▸ **WORK INSTRUCTION**: Each line of the data below from the one holding "by move=> mk mi;" to the one holding "Proof. by elim: p", inclusive, is to be reproduced exactly; no other line belongs in the answer.

DATA EXTRACTS: Begin

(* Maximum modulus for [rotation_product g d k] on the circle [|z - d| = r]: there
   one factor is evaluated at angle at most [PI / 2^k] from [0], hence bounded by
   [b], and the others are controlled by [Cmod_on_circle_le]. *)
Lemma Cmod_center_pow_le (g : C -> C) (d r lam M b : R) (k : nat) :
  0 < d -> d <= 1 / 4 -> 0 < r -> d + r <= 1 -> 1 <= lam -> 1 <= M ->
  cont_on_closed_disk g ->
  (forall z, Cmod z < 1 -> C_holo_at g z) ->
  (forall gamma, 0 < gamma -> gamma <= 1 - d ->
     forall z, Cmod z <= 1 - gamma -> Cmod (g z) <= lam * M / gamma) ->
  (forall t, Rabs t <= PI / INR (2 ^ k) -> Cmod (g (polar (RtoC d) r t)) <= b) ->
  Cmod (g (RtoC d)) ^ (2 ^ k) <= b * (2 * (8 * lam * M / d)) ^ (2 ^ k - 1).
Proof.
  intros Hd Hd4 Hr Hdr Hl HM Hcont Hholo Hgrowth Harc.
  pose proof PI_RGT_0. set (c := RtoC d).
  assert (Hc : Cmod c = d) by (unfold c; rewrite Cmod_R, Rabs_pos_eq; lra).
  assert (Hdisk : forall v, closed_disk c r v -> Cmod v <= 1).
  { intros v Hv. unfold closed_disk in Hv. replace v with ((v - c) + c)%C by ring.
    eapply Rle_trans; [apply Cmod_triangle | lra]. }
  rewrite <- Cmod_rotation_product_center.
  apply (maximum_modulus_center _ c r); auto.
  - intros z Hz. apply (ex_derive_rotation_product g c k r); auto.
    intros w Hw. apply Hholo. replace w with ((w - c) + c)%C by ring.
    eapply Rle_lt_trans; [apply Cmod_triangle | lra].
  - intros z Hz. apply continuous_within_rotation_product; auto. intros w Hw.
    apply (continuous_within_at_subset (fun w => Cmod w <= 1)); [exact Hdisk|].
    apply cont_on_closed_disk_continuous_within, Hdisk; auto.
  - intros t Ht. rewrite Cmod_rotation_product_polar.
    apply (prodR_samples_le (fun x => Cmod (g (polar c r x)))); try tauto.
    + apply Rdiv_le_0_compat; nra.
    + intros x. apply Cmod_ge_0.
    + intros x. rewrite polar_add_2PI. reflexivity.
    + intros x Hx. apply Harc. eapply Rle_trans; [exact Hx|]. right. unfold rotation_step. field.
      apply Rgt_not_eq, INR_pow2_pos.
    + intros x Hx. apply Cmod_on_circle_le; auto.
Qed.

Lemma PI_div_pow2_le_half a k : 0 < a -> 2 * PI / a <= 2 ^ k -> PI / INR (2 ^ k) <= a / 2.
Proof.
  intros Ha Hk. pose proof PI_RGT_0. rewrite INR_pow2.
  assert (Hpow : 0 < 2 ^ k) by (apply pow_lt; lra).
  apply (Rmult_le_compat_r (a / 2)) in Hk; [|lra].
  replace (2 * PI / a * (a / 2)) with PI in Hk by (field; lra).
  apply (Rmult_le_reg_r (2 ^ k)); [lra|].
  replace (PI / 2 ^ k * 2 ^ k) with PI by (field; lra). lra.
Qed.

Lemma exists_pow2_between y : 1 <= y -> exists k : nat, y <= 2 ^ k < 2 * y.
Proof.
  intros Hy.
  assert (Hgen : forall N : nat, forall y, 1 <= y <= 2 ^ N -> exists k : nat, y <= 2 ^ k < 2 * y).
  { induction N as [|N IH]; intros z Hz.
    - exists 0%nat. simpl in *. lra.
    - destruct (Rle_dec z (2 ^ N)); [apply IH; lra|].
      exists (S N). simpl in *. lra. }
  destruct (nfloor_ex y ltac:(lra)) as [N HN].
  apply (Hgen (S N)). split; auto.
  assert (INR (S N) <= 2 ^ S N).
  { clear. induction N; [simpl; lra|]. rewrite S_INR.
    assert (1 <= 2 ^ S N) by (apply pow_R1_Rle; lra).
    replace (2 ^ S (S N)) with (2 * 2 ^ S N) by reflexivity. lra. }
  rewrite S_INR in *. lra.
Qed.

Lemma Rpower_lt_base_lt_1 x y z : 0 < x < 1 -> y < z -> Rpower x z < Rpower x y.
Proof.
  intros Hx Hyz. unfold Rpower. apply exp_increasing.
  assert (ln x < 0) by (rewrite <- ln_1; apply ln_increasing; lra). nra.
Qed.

DATA EXTRACTS: End
DATA EXTRACTS: Begin

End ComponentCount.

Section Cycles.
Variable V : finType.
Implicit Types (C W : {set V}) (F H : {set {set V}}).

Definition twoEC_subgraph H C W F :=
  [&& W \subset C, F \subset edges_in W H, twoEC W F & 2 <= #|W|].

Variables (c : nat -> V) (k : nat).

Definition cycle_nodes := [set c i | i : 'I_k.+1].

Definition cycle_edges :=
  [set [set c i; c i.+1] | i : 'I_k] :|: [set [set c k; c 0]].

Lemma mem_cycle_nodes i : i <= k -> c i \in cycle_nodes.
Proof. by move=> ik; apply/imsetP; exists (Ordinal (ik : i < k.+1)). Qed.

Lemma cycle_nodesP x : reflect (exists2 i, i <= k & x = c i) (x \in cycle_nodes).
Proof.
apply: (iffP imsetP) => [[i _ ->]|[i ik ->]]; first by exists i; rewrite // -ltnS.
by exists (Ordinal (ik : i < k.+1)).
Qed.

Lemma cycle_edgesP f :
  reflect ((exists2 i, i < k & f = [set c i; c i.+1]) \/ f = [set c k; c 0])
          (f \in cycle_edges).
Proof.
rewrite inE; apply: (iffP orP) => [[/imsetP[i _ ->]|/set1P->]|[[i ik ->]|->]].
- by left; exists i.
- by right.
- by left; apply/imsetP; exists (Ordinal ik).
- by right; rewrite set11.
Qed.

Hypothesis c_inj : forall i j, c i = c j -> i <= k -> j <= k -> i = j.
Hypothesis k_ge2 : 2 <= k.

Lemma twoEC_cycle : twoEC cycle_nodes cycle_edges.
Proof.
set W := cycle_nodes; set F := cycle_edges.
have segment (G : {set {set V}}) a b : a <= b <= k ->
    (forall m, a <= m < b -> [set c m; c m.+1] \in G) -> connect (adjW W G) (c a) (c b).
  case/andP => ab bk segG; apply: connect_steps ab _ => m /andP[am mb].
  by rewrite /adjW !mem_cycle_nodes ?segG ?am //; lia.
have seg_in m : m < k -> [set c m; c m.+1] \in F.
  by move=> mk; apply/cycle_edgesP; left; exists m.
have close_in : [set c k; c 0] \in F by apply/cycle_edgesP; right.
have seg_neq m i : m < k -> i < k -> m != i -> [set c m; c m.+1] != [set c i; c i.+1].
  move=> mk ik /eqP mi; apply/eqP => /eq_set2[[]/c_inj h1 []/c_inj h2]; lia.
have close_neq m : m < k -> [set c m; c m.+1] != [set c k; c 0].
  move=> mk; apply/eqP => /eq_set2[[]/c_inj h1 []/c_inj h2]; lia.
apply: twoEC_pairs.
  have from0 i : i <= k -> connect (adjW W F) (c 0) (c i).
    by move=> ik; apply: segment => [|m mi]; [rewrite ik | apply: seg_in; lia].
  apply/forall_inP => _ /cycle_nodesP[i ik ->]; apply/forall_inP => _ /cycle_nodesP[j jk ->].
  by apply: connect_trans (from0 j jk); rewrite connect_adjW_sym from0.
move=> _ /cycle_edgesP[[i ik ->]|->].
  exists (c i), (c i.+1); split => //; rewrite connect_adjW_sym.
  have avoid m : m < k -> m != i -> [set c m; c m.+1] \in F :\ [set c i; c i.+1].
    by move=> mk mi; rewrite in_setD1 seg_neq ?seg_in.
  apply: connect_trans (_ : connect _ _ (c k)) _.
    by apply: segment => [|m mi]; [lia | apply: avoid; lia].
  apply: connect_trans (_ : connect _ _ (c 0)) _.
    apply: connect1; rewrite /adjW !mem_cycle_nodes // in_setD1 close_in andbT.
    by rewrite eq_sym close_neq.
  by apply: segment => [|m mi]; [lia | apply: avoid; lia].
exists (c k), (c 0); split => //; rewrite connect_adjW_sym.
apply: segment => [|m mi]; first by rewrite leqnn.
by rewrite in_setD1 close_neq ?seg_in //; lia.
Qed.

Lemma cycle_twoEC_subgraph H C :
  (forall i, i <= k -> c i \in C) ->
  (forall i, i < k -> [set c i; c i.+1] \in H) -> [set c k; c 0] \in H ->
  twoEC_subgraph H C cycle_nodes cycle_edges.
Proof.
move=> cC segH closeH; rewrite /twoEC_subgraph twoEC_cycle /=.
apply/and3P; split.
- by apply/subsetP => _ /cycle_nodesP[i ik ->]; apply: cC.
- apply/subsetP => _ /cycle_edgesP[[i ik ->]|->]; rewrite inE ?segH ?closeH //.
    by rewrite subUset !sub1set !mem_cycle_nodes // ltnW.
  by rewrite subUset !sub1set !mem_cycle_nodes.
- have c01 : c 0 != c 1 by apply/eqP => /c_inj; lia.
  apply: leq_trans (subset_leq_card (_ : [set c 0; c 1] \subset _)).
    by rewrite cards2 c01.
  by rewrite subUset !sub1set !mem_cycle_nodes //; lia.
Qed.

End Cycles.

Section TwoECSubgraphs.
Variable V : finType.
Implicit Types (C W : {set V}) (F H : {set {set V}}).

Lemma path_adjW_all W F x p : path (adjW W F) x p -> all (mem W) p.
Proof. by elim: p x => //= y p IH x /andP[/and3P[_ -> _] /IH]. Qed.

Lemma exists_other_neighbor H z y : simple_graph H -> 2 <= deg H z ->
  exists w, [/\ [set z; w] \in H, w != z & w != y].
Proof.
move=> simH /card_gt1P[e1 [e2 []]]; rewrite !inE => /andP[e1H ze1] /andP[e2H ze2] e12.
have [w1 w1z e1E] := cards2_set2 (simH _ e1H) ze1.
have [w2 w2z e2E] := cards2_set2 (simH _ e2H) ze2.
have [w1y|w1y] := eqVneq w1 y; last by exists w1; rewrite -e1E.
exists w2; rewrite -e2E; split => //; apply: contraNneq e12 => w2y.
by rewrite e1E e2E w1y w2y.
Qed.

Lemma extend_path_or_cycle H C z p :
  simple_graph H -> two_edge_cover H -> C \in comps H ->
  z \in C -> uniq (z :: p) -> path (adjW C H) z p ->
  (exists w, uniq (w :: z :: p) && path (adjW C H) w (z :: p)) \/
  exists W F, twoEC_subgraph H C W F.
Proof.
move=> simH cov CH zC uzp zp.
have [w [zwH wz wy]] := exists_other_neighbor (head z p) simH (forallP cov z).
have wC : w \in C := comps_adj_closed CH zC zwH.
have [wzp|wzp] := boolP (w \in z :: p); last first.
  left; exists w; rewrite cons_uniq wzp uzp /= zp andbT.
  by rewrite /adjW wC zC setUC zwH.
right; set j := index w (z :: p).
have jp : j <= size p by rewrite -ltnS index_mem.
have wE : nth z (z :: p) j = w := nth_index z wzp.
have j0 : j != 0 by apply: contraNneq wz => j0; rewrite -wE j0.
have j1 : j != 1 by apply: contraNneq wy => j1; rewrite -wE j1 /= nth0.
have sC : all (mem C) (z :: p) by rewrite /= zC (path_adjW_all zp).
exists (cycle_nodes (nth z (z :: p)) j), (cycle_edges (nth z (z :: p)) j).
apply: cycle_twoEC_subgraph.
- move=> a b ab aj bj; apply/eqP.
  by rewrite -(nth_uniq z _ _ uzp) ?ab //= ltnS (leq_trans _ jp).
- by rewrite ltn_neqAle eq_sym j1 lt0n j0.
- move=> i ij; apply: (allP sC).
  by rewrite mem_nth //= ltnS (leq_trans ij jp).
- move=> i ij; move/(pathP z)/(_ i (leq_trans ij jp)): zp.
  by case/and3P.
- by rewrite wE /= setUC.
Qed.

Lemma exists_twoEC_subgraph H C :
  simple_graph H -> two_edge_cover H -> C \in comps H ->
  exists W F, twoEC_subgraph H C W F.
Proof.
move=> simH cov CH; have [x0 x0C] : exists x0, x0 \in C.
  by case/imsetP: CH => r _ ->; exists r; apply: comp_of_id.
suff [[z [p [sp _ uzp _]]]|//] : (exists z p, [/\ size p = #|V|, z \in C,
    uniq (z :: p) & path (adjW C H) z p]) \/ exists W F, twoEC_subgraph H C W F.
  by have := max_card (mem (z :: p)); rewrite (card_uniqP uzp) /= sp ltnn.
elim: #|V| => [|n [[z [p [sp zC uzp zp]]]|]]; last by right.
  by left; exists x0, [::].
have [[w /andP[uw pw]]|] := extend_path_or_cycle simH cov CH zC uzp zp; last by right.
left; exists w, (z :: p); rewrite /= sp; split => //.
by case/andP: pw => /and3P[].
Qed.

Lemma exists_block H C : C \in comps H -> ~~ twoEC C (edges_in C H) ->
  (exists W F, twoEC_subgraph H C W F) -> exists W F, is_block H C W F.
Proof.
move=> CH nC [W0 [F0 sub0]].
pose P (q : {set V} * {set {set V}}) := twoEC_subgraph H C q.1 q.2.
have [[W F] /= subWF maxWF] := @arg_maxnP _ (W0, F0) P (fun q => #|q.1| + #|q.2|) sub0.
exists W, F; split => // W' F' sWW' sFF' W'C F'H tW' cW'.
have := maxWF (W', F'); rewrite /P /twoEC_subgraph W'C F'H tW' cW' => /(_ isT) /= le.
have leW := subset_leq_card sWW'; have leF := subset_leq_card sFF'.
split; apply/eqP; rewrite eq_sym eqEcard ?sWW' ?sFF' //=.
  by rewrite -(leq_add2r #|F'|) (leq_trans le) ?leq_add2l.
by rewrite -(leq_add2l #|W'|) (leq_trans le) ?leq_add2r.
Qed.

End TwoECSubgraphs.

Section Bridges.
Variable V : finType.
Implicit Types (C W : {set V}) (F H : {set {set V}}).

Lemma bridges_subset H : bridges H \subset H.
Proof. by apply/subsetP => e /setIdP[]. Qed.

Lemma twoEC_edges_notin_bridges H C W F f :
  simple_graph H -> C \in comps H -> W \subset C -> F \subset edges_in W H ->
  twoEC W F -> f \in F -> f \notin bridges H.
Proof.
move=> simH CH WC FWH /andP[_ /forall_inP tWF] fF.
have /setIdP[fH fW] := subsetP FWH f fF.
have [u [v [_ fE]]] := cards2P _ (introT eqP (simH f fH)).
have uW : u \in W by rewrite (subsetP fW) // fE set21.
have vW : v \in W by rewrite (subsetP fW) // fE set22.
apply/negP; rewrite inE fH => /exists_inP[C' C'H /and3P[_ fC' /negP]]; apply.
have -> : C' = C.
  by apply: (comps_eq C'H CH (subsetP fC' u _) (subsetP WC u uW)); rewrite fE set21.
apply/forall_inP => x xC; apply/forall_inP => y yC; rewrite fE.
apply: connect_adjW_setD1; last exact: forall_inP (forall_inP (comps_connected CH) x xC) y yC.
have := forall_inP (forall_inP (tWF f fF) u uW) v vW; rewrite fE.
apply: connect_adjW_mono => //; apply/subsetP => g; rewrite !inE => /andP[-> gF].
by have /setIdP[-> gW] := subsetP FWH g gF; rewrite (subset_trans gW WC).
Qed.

DATA EXTRACTS: End

▸ **SOLUTION TO THE EXERCISE**:
    by move=> mk mi; rewrite in_setD1 seg_neq ?seg_in.
  apply: connect_trans (_ : connect _ _ (c k)) _.
    by apply: segment => [|m mi]; [lia | apply: avoid; lia].
  apply: connect_trans (_ : connect _ _ (c 0)) _.
    apply: connect1; rewrite /adjW !mem_cycle_nodes // in_setD1 close_in andbT.
    by rewrite eq_sym close_neq.
  by apply: segment => [|m mi]; [lia | apply: avoid; lia].
exists (c k), (c 0); split => //; rewrite connect_adjW_sym.
apply: segment => [|m mi]; first by rewrite leqnn.
by rewrite in_setD1 close_neq ?seg_in //; lia.
Qed.

Lemma cycle_twoEC_subgraph H C :
  (forall i, i <= k -> c i \in C) ->
  (forall i, i < k -> [set c i; c i.+1] \in H) -> [set c k; c 0] \in H ->
  twoEC_subgraph H C cycle_nodes cycle_edges.
Proof.
move=> cC segH closeH; rewrite /twoEC_subgraph twoEC_cycle /=.
apply/and3P; split.
- by apply/subsetP => _ /cycle_nodesP[i ik ->]; apply: cC.
- apply/subsetP => _ /cycle_edgesP[[i ik ->]|->]; rewrite inE ?segH ?closeH //.
    by rewrite subUset !sub1set !mem_cycle_nodes // ltnW.
  by rewrite subUset !sub1set !mem_cycle_nodes.
- have c01 : c 0 != c 1 by apply/eqP => /c_inj; lia.
  apply: leq_trans (subset_leq_card (_ : [set c 0; c 1] \subset _)).
    by rewrite cards2 c01.
  by rewrite subUset !sub1set !mem_cycle_nodes //; lia.
Qed.

End Cycles.

Section TwoECSubgraphs.
Variable V : finType.
Implicit Types (C W : {set V}) (F H : {set {set V}}).

Lemma path_adjW_all W F x p : path (adjW W F) x p -> all (mem W) p.
Proof. by elim: p x => //= y p IH x /andP[/and3P[_ -> _] /IH]. Qed.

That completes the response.